The preferable amount of the solid lubricant used is 0.5% or more from the viewpoint of imparting effective performance, and 30% or less, more preferably 20% or less from the viewpoints of improvement of performance, inhibition of synergistic effect and economic efficiency. is there. The preferred amount used from the viewpoint of performance is 1 to 15%, more preferably 3 to 10%.

On the other hand, clay, mullite,
The friction modifier composed of at least one of silica and alumina is used to improve the wear resistance of the sliding layer by using a hard material. Although clay minerals can be used as clay, calcined clay is particularly preferable. The calcined clay is obtained by previously calcining the clay at a temperature of 500 to 600 ° C. or lower. Alumina, silica (amorphous),
Mullite is used as a component of clay, but can be used alone.

The use amount of the friction modifier such as clay is 15% by volume or less (excluding 0) in total, but special care must be taken in its blending.

That is, since the material is a hard material, a slight increase in sliding heat is observed depending on the compounding. To cope with this, it is necessary to increase the compounding amount of lead to 10% by volume or more.

Further, the lead, the graphite, and the subcomponent are blended so as to be 70% by volume or less in total.

The preferred amount of the friction modifier used is 0.2 to 15%. If it is less than 0.2%, there is not much improvement in the wear resistance due to the addition, and if it exceeds 15%, the mating material is scratched and the wear resistance of the mating material becomes insufficient. The heat generated on the sliding surface is too large, and the sliding characteristics are degraded. More preferably 1 to 12
%, Preferably 3 to 10%, more preferably 5 to 9%.

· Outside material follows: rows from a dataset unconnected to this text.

(* Let $a\ge 2$ be an even integer. For every integer $n\ge 1$, the generalized Fermat number $F_n^{(a)}=a^{2^{n-1}}+1$ is primover to base $a$.
   Context: For an integer $a>1$ and an odd integer $n>1$ with $\gcd(a,n)=1$: $h_a(n)$ denotes the multiplicative order of $a$ modulo $n$. A cyclotomic coset of $a$ modulo $n$ is a set of the form $\{\, s a^j \bmod n : j\ge 0\,\}$ with $s\in\{1,\dots,n-1\}$; these cosets partition $\{1,\dots,n-1\}$, and $r_a(n)$ denotes the number of distinct cyclotomic cosets of $a$ modulo $n$. An odd composite number $n$ coprime to $a$ is called an overpseudoprime to base $a$ if $n=r_a(n)\,h_a(n)+1$. An integer $N>1$ is called primover to base $a$ if it is either prime or an overpseudoprime to base $a$. *)

From mathcomp Require Import all_boot.
Set Implicit Arguments. Unset Strict Implicit. Unset Printing Implicit Defensive.

(* h_a(n): multiplicative order of a modulo n, i.e. the least k >= 1 with
   a^k = 1 (mod n).  The search is over 1 <= k < n; for gcd(a,n)=1 and n>1
   the order is <= totient n <= n-1, so this is exactly the order
   (the value 0 is returned only when no such k exists, which cannot happen
   under the coprimality hypothesis). *)
Definition mult_order (a n : nat) : nat :=
  nth 0 [seq k <- iota 1 n | a ^ k == 1 %[mod n]] 0.

(* Ranging j over 0 <= j < n is no restriction: the sequence (s a^j mod n)_j
   takes at most n values, and all of them already occur among its first n
   terms (preperiod + period <= n). *)
Definition cyc_coset (a n s : nat) : {set 'I_n} :=
  [set x : 'I_n | [exists j : 'I_n, val x == (s * a ^ j) %% n]].

Definition num_cosets (a n : nat) : nat :=
  #|[set cyc_coset a n (val s) | s : 'I_n & 0 < val s]|.

Definition overpseudoprime (a n : nat) : bool :=
  [&& odd n, 1 < n, ~~ prime n, coprime a n &
      n == num_cosets a n * mult_order a n + 1].

Definition primover (a N : nat) : bool :=
  (1 < N) && (prime N || overpseudoprime a N).

From mathcomp Require Import all_boot.

(* Let N = a^(2^(n-1)) + 1 with a even and h = 2^n.  The whole proof rests on
   one arithmetic fact: a^h = 1 (mod N), and for EVERY divisor d > 2 of N the
   multiplicative order of a modulo d is exactly h (if a^j = 1 (mod d) then
   2^n divides j, otherwise a^(2^(n-1)) = 1 and d would divide 2).

   Since N is odd, every divisor d > 1 of N has this property.  We then show
   in general that when all divisors d > 1 of N see the same order h of a,
   the order of a modulo N is h and every cyclotomic coset {s a^j mod N}
   with 0 < s < N has exactly h elements: two equal elements s a^i = s a^j
   force a^(j-i) = 1 modulo the divisor N / gcd(s, N) > 1.  The cosets
   partition {1, ..., N-1}, so N - 1 = r_a(N) h_a(N), i.e. N is prime or an
   overpseudoprime to base a. *)

Lemma expn_mod1_mull {a d k : nat} (c : nat) :
  a ^ k = 1 %[mod d] -> a ^ (k * c) = 1 %[mod d].
Proof. by move=> ak1; rewrite expnM -modnXm ak1 modnXm exp1n. Qed.

Lemma expn_mod1_dvd {a d k j : nat} :
  k %| j -> a ^ k = 1 %[mod d] -> a ^ j = 1 %[mod d].
Proof. by move=> /dvdnP[c ->] ak1; rewrite mulnC expn_mod1_mull. Qed.

Lemma expn_mod1_gcd {a d i j : nat} : 0 < i ->
  a ^ i = 1 %[mod d] -> a ^ j = 1 %[mod d] -> a ^ gcdn i j = 1 %[mod d].
Proof.
move=> i_gt0 ai1 aj1; case: (egcdnP j i_gt0) => ki kj Bezout _.
have := expn_mod1_mull ki ai1.
by rewrite mulnC Bezout expnD -modnMml [kj * j]mulnC (expn_mod1_mull kj aj1) modnMml mul1n.
Qed.

Lemma sqr_mod1_of_dvd (x d : nat) : 0 < x -> d %| x + 1 -> x ^ 2 = 1 %[mod d].
Proof.
move=> x_gt0 dvd_d; apply/eqP; rewrite eqn_mod_dvd ?expn_gt0 ?x_gt0 //.
by rewrite -{2}(exp1n 2) subn_sqr dvdn_mull.
Qed.

Lemma fermat_period {a d k : nat} : 0 < a ->
  d %| a ^ (2 ^ k) + 1 -> a ^ (2 ^ k.+1) = 1 %[mod d].
Proof. by move=> a_gt0 dvd_d; rewrite expnSr expnM sqr_mod1_of_dvd ?expn_gt0 ?a_gt0. Qed.

(* The order of a modulo any divisor d > 2 of a^(2^k) + 1 is 2^(k+1):
   the order divides 2^(k+1), and if it divided 2^k then d would divide 2. *)
Lemma fermat_order (a d k j : nat) : 0 < a -> 2 < d ->
  d %| a ^ (2 ^ k) + 1 -> a ^ j = 1 %[mod d] -> 2 ^ k.+1 %| j.
Proof.
move=> a_gt0 d_gt2 dvd_d aj1; have a2k1 := fermat_period a_gt0 dvd_d.
have [e le_e_k1 gcd_e] : exists2 e, e <= k.+1 & gcdn (2 ^ k.+1) j = 2 ^ e.
  by apply/dvdn_pfactor; rewrite ?dvdn_gcdl.
have /(expn_mod1_gcd _ a2k1) := aj1; rewrite expn_gt0 gcd_e => /(_ isT) a2e1.
suff /eqP e_k1 : e == k.+1 by rewrite -e_k1 -gcd_e dvdn_gcdr.
rewrite eqn_leq le_e_k1 ltnNge; apply/negP => le_e_k.
have a2k : a ^ (2 ^ k) = 1 %[mod d] by apply: expn_mod1_dvd a2e1; rewrite dvdn_exp2l.
have : d %| 2 by move: dvd_d; rewrite /dvdn -modnDml a2k modnDml.
by move/dvdn_leq => /(_ isT); rewrite leqNgt d_gt2.
Qed.

Lemma expn_mod1_of_mul_eq {a N s i j : nat} : 0 < a -> 0 < N -> coprime a N ->
  i <= j -> s * a ^ i = s * a ^ j %[mod N] -> a ^ (j - i) = 1 %[mod N %/ gcdn s N].
Proof.
move=> a_gt0 N_gt0 coprime_aN le_ij.
set g := gcdn s N; set d := N %/ g.
have g_gt0 : 0 < g by rewrite gcdn_gt0 N_gt0 orbT.
have N_eq : N = d * g by rewrite divnK // dvdn_gcdr.
have s_eq : s = s %/ g * g by rewrite divnK // dvdn_gcdl.
have coprime_ds : coprime d (s %/ g).
  by rewrite /coprime -(eqn_pmul2r g_gt0) mul1n muln_gcdl -N_eq -s_eq gcdnC.
have coprime_ad : coprime a d by apply: coprime_dvdr coprime_aN; rewrite N_eq dvdn_mulr.
move/esym/eqP; rewrite eqn_mod_dvd ?leq_mul2l ?leq_pexp2l ?le_ij ?orbT //.
rewrite -(subnKC le_ij) addKn expnD mulnA -[X in _ - X]muln1 -mulnBr.
rewrite {1}N_eq {1}s_eq -!mulnA mulnCA [g * _]mulnC dvdn_pmul2r //.
rewrite Gauss_dvdr // Gauss_dvdr; last by rewrite coprime_sym coprimeXl.
by rewrite -eqn_mod_dvd ?expn_gt0 ?a_gt0 // eq_sym => /eqP.
Qed.

Lemma mult_orderP (a n k : nat) : 0 < k <= n -> a ^ k = 1 %[mod n] ->
  (forall j, 0 < j < k -> a ^ j != 1 %[mod n]) -> mult_order a n = k.
Proof.
move=> /andP[k_gt0 le_kn] ak1 minimal; rewrite /mult_order.
have n_eq : k.-1 + (n - k).+1 = n by rewrite addnS -addSn prednK // subnKC.
rewrite -[in iota 1 _]n_eq iotaD filter_cat add1n prednK //.
have -> : [seq j <- iota 1 k.-1 | a ^ j == 1 %[mod n]] = [::].
  apply/eqP; rewrite -[_ == _]negbK -has_filter; apply/hasPn => j.
  by rewrite mem_iota add1n prednK // => /minimal.
by rewrite /= ak1 eqxx.
Qed.

Section ClassPartition.
Variables (T : finType) (D : {set T}) (C : T -> {set T}).
Hypotheses (C_self : forall x, x \in D -> x \in C x)
           (C_sub : forall x, x \in D -> C x \subset D)
           (C_eq : forall x y, x \in D -> y \in C x -> C y = C x).

Lemma classes_partition : partition [set C x | x in D] D.
Proof.
apply/and3P; split.
- apply/eqP/setP => y; apply/bigcupP/idP => [[_ /imsetP[x Dx ->]]|Dy].
    by apply/subsetP; apply: C_sub.
  by exists (C y); [apply: imset_f | apply: C_self].
- apply/trivIsetP => _ _ /imsetP[x Dx ->] /imsetP[y Dy ->] neq_xy.
  apply/pred0P => z /=; apply/negP => /andP[zx zy].
  by move: neq_xy; rewrite -(C_eq _ _ Dx zx) -(C_eq _ _ Dy zy) eqxx.
- by apply/imsetP => -[x Dx C_x0]; move: (C_self _ Dx); rewrite -C_x0 inE.
Qed.

Lemma card_classes (h : nat) : (forall x, x \in D -> #|C x| = h) ->
  #|D| = #|[set C x | x in D]| * h.
Proof.
move=> C_card; rewrite (card_partition classes_partition) -sum_nat_const.
by apply: eq_bigr => _ /imsetP[x Dx ->]; apply: C_card.
Qed.

End ClassPartition.

Section UniformOrder.
Variables (a N h : nat).
Hypotheses (N_gt1 : 1 < N) (coprime_aN : coprime a N)
           (h_gt0 : 0 < h) (h_le_N : h <= N) (a_h : a ^ h = 1 %[mod N])
           (uniform : forall d j, d %| N -> 1 < d -> a ^ j = 1 %[mod d] -> h %| j).

Let N_gt0 : 0 < N. Proof. exact: ltnW. Qed.

Let a_gt0 : 0 < a.
Proof.
move: coprime_aN; rewrite lt0n; apply: contraTneq => ->.
by rewrite /coprime gcd0n neq_ltn N_gt1 orbT.
Qed.

Lemma uniform_mult_order : mult_order a N = h.
Proof.
apply: mult_orderP; rewrite ?h_gt0 //= => j /andP[j_gt0 lt_jh].
by apply/negP => /eqP /(uniform _ _ (dvdnn N) N_gt1) /(dvdn_leq j_gt0); rewrite leqNgt lt_jh.
Qed.

Lemma coset_period (s j : nat) : s * a ^ j = s * a ^ (j %% h) %[mod N].
Proof.
rewrite {1}(divn_eq j h) expnD mulnCA -modnMml [_ * h]mulnC.
by rewrite (expn_mod1_mull _ a_h) modnMml mul1n.
Qed.

Let residue (x : nat) : 'I_N := Ordinal (ltn_pmod x N_gt0).

Lemma coset_orbit (s : nat) : cyc_coset a N s = [set residue (s * a ^ j) | j : 'I_h].
Proof.
apply/setP => x; rewrite inE; apply/existsP/imsetP => [[j /eqP x_eq]|[j _ ->]].
  by exists (Ordinal (ltn_pmod j h_gt0)) => //; apply: val_inj; rewrite /= x_eq coset_period.
by exists (widen_ord h_le_N j).
Qed.

Lemma coset_self (x : 'I_N) : x \in cyc_coset a N x.
Proof. by rewrite inE; apply/existsP; exists (Ordinal N_gt0); rewrite /= muln1 modn_small. Qed.

Lemma coset_trans {s : nat} {x : 'I_N} :
  x \in cyc_coset a N s -> cyc_coset a N x \subset cyc_coset a N s.
Proof.
rewrite inE => /existsP[i /eqP x_eq]; apply/subsetP => y; rewrite inE => /existsP[j /eqP y_eq].
rewrite coset_orbit; apply/imsetP; exists (Ordinal (ltn_pmod (i + j) h_gt0)) => //.
by apply: val_inj; rewrite /= y_eq x_eq modnMml -mulnA -expnD coset_period.
Qed.

(* Since a is invertible modulo N, cosets of nonzero residues avoid 0. *)
Lemma coset_nonzero {s : nat} {x : 'I_N} : 0 < s < N -> x \in cyc_coset a N s -> 0 < x.
Proof.
move=> /andP[s_gt0 lt_sN]; rewrite inE => /existsP[j /eqP ->]; rewrite lt0n.
apply/negP => /eqP /eqP; rewrite -/(N %| _) Gauss_dvdl ?coprimeXr 1?coprime_sym //.
by move=> /(dvdn_leq s_gt0); rewrite leqNgt lt_sN.
Qed.

Lemma coset_exponent_inj {s i j : nat} : 0 < s < N -> i < h -> j < h ->
  s * a ^ i = s * a ^ j %[mod N] -> i = j.
Proof.
move=> /andP[s_gt0 lt_sN]; wlog le_ij : i j / i <= j.
  move=> wlog_ij lt_ih lt_jh eq_ij; case: (leqP i j) => [le | /ltnW le].
    exact: wlog_ij.
  exact/esym/wlog_ij/esym.
move=> _ lt_jh /(expn_mod1_of_mul_eq a_gt0 N_gt0 coprime_aN le_ij).
set g := gcdn s N; have g_dvdN : g %| N by apply: dvdn_gcdr.
have d_gt1 : 1 < N %/ g.
  rewrite ltnNge; apply/negP => d_le1.
  have : N <= g by rewrite -{1}(divnK g_dvdN) -[leqRHS]mul1n leq_mul2r d_le1 orbT.
  by rewrite leqNgt (leq_ltn_trans (dvdn_leq s_gt0 (dvdn_gcdl s N)) lt_sN).
move=> /(uniform _ _ (dvdn_div g_dvdN) d_gt1) h_dvd.
apply/eqP; rewrite eqn_leq le_ij -subn_eq0 eqn0Ngt; apply/negP => diff_gt0.
by move: (dvdn_leq diff_gt0 h_dvd); rewrite leqNgt (leq_ltn_trans (leq_subr i j) lt_jh).
Qed.

Lemma coset_card (s : nat) : 0 < s < N -> #|cyc_coset a N s| = h.
Proof.
move=> s_range; rewrite coset_orbit card_imset ?card_ord // => i j /(congr1 val) /= eq_ij.
by apply: val_inj; apply: (coset_exponent_inj s_range (ltn_ord i) (ltn_ord j) eq_ij).
Qed.

Lemma uniform_num_cosets : N = num_cosets a N * h + 1.
Proof.
pose D := [set x : 'I_N | 0 < val x]; pose C (x : 'I_N) := cyc_coset a N x.
have D_range (x : 'I_N) : x \in D -> 0 < x < N by rewrite inE ltn_ord andbT.
have card_D : #|D| = N.-1.
  have -> : D = [set~ Ordinal N_gt0] by apply/setP => x; rewrite !inE -val_eqE lt0n.
  by rewrite cardsC1 card_ord.
have C_sub x : x \in D -> C x \subset D.
  by move=> /D_range x_range; apply/subsetP => y /(coset_nonzero x_range); rewrite inE.
have C_eq x y : x \in D -> y \in C x -> C y = C x.
  move=> /D_range x_range yx; apply/eqP; rewrite eqEcard coset_trans //=.
  by rewrite !coset_card // (coset_nonzero x_range yx) ltn_ord.
have C_card x : x \in D -> #|C x| = h by move=> /D_range; apply: coset_card.
have -> : num_cosets a N = #|[set C x | x in D]| by [].
have := card_classes _ _ _ (fun x _ => coset_self x) C_sub C_eq _ C_card.
by rewrite card_D addn1 => <-; rewrite prednK.
Qed.

Lemma uniform_primover : odd N -> primover a N.
Proof.
move=> odd_N; rewrite /primover N_gt1; case: (boolP (prime N)) => //= composite_N.
rewrite /overpseudoprime odd_N N_gt1 composite_N coprime_aN uniform_mult_order /=.
exact/eqP/uniform_num_cosets.
Qed.

End UniformOrder.

Lemma fermat_odd (a k : nat) : ~~ odd a -> odd (a ^ (2 ^ k) + 1).
Proof. by move=> even_a; rewrite addn1 /= oddX (negbTE even_a) orbF -lt0n expn_gt0. Qed.

Lemma coprime_fermat (a k : nat) : coprime a (a ^ (2 ^ k) + 1).
Proof.
rewrite -(prednK (expn_gt0 2 k)) expnS -coprime_modr mulnC modnMDl.
by rewrite coprime_modr coprimen1.
Qed.

Lemma fermat_exponent_le (a k : nat) : 1 < a -> 2 ^ k.+1 <= a ^ (2 ^ k) + 1.
Proof.
move=> a_gt1; apply: leq_trans (leq_addr 1 _).
apply: (@leq_trans (2 ^ 2 ^ k)); first by rewrite leq_exp2l // ltn_expl.
by rewrite leq_exp2r // expn_gt0.
Qed.

(* The Fermat number N = a^(2^(n-1)) + 1 is odd and all its divisors d > 1,
   being odd and hence > 2, see the order h = 2^n of a. *)
Theorem theorem5 (a n : nat) (ha : 2 <= a) (heven : ~~ odd a) (hn : 1 <= n) :
  primover a (a ^ (2 ^ n.-1) + 1).
Proof.
have a_gt0 : 0 < a := ltnW ha.
have h_eq : 2 ^ n = 2 ^ n.-1.+1 by rewrite prednK.
have odd_N := fermat_odd a n.-1 heven.
apply: (uniform_primover _ _ (2 ^ n)) (odd_N).
- by rewrite addn1 ltnS expn_gt0 a_gt0.
- exact: coprime_fermat.
- exact: expn_gt0.
- by rewrite h_eq fermat_exponent_le.
- by rewrite h_eq (fermat_period a_gt0 (dvdnn _)).
move=> d j dvd_d d_gt1; have odd_d := dvdn_odd dvd_d odd_N.
rewrite h_eq; apply: fermat_order a_gt0 _ dvd_d.
by rewrite ltn_neqAle d_gt1 andbT; apply: contraTneq odd_d => <-.
Qed.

When a wear modifier and a solid lubricant are used in combination as auxiliary components, the performance is improved by using a friction modifier composed of at least one of clay, mullite, silica, and alumina and a fluororesin as a solid lubricant. be able to.
30% by volume or less of this resin or fluororesin, 15% by volume or less of friction modifier in total, 10% or more of lead, 5% of graphite
As described above, the amount of use is preferably determined so that the sum of these amounts is 70% by volume or less. PTFE is preferably used as the fluororesin. Desirable use amount of the fluororesin is 0.1 to 30%, and more desirably 0.5 to 30% in terms of imparting effective performance.
%, And 20% from the viewpoint of both performance improvement and economic efficiency
It is as follows. The preferred amount of use from the viewpoint of performance is 1 to
%, More preferably 2 to 10%.

Molybdenum disulfide / tungsten disulfide / boron nitride, which is another solid lubricant, has little effect of improving performance even when combined with a friction modifier. This is because, in the composition range of the sliding material of the present invention, the effect of addition of the friction modifier is high, and therefore the effect of the composite addition of molybdenum disulfide / tungsten disulfide / boron nitride is a friction modifier as an auxiliary component. This is due to the fact that the effect is substantially equal to the effect obtained by blending only. These solid lubricants have little significance to be added from the viewpoint of further improving the performance, but the total amount of the fluororesin is 30% by volume or less, and the total amount of lead, graphite and subcomponents is 70% by volume or less. Even if it is added, the performance does not decrease, so that it may be blended.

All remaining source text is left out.